#### Data for analysis:
—————
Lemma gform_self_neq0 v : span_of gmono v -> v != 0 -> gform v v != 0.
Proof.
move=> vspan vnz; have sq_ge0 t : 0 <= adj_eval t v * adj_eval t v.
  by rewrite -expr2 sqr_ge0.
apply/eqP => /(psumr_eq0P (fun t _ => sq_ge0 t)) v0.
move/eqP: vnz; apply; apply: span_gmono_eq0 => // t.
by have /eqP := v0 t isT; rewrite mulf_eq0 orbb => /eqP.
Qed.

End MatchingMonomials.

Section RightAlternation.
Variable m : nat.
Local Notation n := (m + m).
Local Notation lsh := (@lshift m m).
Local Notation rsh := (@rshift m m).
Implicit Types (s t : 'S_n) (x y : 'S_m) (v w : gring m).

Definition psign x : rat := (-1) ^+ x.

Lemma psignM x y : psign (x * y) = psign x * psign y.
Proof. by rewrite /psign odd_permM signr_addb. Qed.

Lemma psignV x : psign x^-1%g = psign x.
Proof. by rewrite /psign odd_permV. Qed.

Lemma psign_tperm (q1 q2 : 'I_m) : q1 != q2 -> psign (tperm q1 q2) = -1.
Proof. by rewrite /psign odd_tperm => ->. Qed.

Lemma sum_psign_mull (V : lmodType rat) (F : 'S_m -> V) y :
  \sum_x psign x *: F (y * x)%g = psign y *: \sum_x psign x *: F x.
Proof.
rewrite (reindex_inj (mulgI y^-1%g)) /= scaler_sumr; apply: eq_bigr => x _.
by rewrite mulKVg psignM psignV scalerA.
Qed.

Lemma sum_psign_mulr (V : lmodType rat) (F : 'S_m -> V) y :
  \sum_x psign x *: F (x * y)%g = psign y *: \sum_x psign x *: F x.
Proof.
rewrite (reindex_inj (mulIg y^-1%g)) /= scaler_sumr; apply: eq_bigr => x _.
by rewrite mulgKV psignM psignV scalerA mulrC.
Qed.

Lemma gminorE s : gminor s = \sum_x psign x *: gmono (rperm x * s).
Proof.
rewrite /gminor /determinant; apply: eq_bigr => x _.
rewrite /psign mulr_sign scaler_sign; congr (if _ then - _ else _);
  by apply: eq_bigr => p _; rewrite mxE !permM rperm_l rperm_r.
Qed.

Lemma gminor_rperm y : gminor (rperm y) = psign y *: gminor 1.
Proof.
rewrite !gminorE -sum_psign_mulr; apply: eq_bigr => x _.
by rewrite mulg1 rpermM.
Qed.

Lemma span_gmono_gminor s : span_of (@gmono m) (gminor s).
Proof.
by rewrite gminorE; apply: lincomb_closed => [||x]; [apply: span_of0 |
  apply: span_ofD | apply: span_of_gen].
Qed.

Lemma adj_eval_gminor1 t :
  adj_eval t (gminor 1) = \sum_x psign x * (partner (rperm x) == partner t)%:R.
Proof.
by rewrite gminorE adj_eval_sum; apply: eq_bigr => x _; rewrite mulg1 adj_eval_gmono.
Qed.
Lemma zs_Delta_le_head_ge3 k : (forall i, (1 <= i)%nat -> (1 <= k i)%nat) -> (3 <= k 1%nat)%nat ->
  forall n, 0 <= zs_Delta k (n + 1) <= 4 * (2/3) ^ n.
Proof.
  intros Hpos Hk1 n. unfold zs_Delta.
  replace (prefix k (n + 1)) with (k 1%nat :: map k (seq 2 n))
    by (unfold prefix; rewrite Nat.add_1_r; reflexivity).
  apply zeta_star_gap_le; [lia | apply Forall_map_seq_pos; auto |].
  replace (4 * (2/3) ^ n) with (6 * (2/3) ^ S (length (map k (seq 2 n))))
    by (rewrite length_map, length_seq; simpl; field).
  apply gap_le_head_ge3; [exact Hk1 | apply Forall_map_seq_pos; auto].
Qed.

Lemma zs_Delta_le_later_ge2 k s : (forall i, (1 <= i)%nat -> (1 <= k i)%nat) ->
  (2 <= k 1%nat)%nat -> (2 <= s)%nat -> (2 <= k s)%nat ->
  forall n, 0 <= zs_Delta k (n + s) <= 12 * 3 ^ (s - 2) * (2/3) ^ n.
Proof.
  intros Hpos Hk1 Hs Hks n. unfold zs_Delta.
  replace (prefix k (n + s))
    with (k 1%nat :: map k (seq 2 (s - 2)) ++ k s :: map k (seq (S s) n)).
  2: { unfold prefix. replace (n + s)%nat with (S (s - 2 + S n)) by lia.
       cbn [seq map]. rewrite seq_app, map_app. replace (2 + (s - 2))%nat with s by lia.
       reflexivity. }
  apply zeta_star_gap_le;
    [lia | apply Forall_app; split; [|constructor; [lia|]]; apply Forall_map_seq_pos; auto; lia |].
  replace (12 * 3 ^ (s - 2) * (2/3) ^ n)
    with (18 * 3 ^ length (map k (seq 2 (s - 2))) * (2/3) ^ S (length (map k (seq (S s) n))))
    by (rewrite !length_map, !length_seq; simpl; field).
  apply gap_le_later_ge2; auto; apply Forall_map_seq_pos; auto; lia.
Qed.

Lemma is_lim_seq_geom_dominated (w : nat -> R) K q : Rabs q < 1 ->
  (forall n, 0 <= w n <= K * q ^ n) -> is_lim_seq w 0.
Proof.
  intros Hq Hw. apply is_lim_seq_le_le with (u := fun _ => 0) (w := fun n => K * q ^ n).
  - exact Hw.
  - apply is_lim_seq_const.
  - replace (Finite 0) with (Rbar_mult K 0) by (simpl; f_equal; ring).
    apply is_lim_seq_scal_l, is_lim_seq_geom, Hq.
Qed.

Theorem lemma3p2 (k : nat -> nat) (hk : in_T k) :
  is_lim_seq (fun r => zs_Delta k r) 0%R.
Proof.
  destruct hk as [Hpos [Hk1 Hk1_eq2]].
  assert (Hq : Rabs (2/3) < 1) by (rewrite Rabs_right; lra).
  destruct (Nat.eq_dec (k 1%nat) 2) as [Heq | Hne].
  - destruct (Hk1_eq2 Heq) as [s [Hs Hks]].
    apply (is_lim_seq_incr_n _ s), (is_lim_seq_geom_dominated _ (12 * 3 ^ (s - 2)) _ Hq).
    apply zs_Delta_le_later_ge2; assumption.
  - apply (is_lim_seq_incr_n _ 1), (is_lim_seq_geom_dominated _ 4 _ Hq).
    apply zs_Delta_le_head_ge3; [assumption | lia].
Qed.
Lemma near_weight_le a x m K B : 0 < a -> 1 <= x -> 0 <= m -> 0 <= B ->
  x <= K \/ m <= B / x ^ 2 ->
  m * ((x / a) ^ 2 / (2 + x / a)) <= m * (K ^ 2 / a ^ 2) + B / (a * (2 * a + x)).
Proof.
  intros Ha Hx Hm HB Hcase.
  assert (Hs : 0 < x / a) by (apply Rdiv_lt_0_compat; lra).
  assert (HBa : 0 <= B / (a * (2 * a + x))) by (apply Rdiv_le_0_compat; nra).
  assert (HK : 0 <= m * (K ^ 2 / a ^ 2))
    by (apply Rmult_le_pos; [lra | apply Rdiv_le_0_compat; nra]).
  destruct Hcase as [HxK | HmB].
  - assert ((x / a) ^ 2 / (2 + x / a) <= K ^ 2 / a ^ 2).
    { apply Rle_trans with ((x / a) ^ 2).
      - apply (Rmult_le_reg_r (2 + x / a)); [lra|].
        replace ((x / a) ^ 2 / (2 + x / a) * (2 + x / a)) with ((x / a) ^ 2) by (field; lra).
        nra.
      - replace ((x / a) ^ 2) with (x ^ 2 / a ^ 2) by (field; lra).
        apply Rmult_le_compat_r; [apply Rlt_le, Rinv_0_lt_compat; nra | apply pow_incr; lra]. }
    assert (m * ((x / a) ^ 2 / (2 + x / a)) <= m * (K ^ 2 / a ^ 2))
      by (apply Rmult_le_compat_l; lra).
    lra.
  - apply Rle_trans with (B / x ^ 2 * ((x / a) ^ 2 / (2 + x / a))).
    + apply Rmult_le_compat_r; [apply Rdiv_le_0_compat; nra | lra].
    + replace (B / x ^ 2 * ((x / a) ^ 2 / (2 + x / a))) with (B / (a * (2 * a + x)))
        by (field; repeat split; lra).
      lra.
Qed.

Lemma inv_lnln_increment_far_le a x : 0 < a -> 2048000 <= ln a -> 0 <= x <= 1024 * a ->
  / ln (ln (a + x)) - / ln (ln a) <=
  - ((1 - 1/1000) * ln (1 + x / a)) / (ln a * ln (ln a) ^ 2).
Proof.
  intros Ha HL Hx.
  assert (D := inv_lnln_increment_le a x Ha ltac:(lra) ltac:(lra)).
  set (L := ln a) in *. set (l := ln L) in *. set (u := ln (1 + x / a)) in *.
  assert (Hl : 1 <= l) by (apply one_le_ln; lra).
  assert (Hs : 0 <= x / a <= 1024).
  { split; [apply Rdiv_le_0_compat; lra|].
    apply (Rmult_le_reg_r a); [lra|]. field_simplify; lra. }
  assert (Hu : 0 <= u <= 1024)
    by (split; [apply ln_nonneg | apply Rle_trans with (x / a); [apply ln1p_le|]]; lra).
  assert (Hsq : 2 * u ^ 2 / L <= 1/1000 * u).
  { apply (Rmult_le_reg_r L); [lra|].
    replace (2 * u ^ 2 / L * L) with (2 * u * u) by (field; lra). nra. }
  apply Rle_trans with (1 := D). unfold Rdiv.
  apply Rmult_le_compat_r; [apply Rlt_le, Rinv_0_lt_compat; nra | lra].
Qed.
—————
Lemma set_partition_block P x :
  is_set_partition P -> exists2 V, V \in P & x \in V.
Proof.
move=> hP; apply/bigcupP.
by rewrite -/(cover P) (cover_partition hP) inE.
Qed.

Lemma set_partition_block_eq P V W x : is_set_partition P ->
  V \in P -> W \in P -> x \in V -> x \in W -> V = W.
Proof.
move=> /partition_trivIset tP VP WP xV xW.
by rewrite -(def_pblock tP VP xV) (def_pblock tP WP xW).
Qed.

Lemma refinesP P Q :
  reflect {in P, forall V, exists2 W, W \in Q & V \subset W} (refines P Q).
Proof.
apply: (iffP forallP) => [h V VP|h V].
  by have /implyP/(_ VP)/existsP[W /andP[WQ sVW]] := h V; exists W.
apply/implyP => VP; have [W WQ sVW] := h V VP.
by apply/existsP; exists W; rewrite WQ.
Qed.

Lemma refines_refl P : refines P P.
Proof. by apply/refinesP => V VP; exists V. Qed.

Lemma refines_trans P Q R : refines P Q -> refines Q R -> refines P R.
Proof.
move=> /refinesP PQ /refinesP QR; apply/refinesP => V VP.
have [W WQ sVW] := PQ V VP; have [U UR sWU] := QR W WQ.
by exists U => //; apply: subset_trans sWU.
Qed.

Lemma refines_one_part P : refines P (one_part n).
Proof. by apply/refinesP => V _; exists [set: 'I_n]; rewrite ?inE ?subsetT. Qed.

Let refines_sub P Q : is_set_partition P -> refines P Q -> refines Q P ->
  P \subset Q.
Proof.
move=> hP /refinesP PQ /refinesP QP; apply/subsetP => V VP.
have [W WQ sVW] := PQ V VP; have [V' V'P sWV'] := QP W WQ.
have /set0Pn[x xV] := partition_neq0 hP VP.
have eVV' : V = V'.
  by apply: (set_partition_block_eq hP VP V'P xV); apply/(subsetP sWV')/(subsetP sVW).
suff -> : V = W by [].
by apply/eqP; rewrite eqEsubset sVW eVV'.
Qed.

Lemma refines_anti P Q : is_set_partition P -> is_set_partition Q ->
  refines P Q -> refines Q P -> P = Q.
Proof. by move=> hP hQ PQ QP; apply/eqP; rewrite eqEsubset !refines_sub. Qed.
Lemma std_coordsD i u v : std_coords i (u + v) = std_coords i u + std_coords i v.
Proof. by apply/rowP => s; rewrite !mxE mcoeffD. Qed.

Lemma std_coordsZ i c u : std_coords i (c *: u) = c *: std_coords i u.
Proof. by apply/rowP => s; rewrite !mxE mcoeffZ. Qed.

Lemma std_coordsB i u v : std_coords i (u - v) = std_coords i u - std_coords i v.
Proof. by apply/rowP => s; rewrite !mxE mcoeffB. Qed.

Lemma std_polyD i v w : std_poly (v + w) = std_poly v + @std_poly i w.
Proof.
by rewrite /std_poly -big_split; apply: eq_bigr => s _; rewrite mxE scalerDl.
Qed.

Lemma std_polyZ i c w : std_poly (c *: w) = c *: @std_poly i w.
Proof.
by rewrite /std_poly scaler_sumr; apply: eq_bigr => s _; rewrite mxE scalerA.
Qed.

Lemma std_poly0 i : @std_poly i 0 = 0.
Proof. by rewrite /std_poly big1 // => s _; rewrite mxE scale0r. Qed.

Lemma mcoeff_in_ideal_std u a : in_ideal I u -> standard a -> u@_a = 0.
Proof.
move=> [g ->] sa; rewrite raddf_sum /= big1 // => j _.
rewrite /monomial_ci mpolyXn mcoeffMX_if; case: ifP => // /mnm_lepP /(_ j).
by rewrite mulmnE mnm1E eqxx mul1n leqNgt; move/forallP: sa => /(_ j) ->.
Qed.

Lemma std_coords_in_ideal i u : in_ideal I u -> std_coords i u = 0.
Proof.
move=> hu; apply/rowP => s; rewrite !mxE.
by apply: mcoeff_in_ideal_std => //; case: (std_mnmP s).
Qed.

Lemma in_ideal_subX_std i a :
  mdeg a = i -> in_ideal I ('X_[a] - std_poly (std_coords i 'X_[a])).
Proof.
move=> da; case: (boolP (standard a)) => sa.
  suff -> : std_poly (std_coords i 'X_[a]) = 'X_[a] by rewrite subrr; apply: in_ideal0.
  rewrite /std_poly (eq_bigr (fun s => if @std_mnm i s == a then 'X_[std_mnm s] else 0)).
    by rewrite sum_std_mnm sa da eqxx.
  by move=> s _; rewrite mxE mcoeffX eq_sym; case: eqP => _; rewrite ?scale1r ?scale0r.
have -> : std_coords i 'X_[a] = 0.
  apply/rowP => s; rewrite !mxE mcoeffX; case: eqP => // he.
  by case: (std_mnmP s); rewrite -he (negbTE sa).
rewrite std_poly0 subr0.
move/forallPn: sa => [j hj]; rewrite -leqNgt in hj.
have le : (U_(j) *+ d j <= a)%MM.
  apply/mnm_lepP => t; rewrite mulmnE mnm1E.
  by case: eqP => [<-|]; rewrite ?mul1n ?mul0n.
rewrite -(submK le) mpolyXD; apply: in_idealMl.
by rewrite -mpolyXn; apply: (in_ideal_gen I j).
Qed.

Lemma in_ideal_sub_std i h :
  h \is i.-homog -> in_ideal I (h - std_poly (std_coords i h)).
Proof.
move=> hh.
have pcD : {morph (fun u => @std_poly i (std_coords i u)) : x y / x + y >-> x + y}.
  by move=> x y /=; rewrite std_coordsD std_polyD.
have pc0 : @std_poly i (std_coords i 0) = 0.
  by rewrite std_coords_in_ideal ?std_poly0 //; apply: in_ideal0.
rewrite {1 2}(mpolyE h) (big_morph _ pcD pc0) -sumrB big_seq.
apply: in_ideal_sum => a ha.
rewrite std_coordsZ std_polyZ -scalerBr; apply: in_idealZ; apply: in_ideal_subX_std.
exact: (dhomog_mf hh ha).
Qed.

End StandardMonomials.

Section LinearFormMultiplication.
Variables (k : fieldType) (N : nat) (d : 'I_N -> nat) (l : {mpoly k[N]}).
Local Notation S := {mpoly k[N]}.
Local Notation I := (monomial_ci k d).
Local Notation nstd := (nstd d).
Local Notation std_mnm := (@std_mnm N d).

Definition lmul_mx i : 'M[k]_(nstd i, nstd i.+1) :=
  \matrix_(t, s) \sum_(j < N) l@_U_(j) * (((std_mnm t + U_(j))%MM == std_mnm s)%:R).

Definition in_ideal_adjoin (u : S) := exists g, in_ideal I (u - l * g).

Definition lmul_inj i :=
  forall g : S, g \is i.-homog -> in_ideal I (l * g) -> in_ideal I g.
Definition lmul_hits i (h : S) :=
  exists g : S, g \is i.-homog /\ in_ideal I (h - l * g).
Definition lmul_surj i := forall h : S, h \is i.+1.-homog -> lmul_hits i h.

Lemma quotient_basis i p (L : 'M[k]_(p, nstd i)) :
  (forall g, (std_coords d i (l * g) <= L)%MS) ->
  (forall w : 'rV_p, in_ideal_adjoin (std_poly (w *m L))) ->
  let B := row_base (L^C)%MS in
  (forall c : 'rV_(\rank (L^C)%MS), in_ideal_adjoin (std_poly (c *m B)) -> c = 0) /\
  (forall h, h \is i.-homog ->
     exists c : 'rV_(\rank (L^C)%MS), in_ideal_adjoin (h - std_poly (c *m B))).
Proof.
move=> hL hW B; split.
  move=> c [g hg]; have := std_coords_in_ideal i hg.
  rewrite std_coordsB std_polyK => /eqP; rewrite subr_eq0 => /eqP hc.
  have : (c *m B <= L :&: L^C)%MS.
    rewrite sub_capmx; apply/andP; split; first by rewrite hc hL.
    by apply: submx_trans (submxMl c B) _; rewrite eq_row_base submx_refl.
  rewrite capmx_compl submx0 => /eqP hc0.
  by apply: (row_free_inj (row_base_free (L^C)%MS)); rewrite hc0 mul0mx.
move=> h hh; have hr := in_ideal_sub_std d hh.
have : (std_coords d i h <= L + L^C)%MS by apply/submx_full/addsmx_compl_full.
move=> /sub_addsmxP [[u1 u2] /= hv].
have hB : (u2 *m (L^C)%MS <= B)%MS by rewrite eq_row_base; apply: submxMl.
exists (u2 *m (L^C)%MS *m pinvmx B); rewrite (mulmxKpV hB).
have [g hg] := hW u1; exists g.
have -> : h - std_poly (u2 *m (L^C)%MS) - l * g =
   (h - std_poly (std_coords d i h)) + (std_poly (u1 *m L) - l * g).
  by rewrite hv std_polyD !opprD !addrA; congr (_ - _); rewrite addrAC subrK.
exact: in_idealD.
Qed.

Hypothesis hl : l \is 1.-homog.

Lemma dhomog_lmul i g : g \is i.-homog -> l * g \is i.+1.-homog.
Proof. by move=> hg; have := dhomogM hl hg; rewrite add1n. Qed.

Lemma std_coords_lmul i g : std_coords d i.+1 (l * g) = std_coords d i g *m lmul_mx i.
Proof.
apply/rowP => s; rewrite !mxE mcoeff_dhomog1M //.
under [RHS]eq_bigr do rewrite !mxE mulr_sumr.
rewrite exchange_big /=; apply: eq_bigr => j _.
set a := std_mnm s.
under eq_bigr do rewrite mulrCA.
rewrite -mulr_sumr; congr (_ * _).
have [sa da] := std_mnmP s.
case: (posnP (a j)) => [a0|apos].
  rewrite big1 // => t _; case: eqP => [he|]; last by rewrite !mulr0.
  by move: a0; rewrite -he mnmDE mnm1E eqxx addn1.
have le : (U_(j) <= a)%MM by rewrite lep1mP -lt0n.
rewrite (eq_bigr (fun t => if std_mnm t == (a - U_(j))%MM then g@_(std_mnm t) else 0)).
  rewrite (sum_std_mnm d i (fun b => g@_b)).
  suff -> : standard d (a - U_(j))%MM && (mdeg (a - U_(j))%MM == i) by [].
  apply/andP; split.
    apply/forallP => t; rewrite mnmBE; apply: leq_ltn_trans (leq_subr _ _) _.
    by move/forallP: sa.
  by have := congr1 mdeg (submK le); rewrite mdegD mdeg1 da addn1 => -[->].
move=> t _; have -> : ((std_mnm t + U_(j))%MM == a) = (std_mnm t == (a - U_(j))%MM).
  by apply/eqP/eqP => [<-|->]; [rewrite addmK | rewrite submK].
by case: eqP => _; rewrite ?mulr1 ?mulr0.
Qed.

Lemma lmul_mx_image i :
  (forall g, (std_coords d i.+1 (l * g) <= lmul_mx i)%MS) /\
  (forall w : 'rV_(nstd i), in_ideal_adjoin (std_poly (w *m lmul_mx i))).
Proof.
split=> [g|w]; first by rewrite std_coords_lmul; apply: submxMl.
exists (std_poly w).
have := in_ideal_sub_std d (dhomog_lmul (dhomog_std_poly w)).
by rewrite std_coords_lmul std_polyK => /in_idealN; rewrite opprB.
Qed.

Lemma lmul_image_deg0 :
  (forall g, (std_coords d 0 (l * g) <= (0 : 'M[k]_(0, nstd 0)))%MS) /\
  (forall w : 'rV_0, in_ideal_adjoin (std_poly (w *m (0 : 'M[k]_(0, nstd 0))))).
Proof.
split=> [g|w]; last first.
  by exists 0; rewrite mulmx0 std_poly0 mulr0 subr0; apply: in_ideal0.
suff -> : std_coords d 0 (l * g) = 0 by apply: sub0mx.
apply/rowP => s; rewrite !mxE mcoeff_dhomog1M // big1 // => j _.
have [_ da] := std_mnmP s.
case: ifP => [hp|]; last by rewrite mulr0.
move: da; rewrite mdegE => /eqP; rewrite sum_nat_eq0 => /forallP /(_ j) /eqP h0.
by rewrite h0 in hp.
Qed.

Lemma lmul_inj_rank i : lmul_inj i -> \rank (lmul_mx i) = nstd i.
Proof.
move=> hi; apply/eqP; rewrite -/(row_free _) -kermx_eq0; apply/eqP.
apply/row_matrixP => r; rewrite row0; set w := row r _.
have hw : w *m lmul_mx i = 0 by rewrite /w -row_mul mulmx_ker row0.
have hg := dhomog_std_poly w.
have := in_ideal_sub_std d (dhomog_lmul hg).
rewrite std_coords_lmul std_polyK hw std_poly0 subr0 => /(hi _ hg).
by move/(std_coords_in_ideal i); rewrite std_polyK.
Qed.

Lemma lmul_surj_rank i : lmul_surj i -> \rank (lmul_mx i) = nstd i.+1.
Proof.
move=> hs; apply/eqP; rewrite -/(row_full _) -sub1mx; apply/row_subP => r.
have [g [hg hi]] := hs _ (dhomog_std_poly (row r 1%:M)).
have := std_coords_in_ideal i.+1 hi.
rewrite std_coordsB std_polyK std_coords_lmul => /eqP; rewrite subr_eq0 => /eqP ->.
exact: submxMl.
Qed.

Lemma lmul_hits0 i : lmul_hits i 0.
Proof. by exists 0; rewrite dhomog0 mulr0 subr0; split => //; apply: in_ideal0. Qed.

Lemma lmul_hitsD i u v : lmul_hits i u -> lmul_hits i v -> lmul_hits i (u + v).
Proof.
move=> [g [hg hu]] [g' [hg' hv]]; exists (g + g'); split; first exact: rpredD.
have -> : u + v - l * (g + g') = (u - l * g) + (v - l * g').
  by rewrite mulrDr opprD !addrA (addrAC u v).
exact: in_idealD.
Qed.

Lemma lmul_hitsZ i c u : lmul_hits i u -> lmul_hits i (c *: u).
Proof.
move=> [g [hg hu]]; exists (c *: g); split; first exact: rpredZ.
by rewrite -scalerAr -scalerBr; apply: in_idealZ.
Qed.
—————
#### What is being asked:
Report each line of the material above where the word "under" appears.

#### Solution below:
under [RHS]eq_bigr do rewrite !mxE mulr_sumr.
under eq_bigr do rewrite mulrCA.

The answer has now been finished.